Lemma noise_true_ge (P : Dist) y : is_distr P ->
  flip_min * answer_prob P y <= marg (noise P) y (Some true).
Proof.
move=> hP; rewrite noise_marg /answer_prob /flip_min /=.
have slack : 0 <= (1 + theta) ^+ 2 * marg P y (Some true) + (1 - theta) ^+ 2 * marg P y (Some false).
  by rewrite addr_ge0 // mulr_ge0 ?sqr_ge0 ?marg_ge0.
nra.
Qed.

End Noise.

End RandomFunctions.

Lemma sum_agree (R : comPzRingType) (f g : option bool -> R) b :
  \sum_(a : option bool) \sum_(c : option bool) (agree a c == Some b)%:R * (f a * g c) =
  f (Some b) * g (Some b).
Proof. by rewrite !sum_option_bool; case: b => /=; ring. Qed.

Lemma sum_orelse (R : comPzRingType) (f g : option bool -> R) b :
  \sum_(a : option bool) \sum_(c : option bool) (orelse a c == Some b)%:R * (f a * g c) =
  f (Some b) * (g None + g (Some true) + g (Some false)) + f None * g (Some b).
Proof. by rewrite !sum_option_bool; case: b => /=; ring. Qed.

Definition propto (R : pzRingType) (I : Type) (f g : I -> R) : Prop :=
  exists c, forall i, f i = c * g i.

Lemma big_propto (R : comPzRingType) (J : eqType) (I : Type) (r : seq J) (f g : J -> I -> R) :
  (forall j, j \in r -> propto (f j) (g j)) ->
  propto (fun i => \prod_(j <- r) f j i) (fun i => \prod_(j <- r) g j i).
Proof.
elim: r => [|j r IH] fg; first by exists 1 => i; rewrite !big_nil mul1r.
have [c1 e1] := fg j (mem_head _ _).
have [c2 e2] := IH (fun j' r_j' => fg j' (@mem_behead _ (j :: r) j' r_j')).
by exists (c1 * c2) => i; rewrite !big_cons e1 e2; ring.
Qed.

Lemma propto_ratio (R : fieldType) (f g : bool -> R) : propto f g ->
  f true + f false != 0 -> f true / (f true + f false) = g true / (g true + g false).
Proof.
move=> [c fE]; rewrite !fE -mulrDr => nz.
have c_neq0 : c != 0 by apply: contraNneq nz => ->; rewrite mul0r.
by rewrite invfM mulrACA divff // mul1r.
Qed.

-------------------------

* **WHAT IS NEEDED**
Look above for the line with "option bool) (agree"; retype exactly that line, every line after it up to the line with "Lemma big_propto (R", and that line too, nothing else.

* **WRITTEN REPLY**
  \sum_(a : option bool) \sum_(c : option bool) (agree a c == Some b)%:R * (f a * g c) =
  f (Some b) * g (Some b).
Proof. by rewrite !sum_option_bool; case: b => /=; ring. Qed.

Lemma sum_orelse (R : comPzRingType) (f g : option bool -> R) b :
  \sum_(a : option bool) \sum_(c : option bool) (orelse a c == Some b)%:R * (f a * g c) =
  f (Some b) * (g None + g (Some true) + g (Some false)) + f None * g (Some b).
Proof. by rewrite !sum_option_bool; case: b => /=; ring. Qed.

Definition propto (R : pzRingType) (I : Type) (f g : I -> R) : Prop :=
  exists c, forall i, f i = c * g i.

Lemma big_propto (R : comPzRingType) (J : eqType) (I : Type) (r : seq J) (f g : J -> I -> R) :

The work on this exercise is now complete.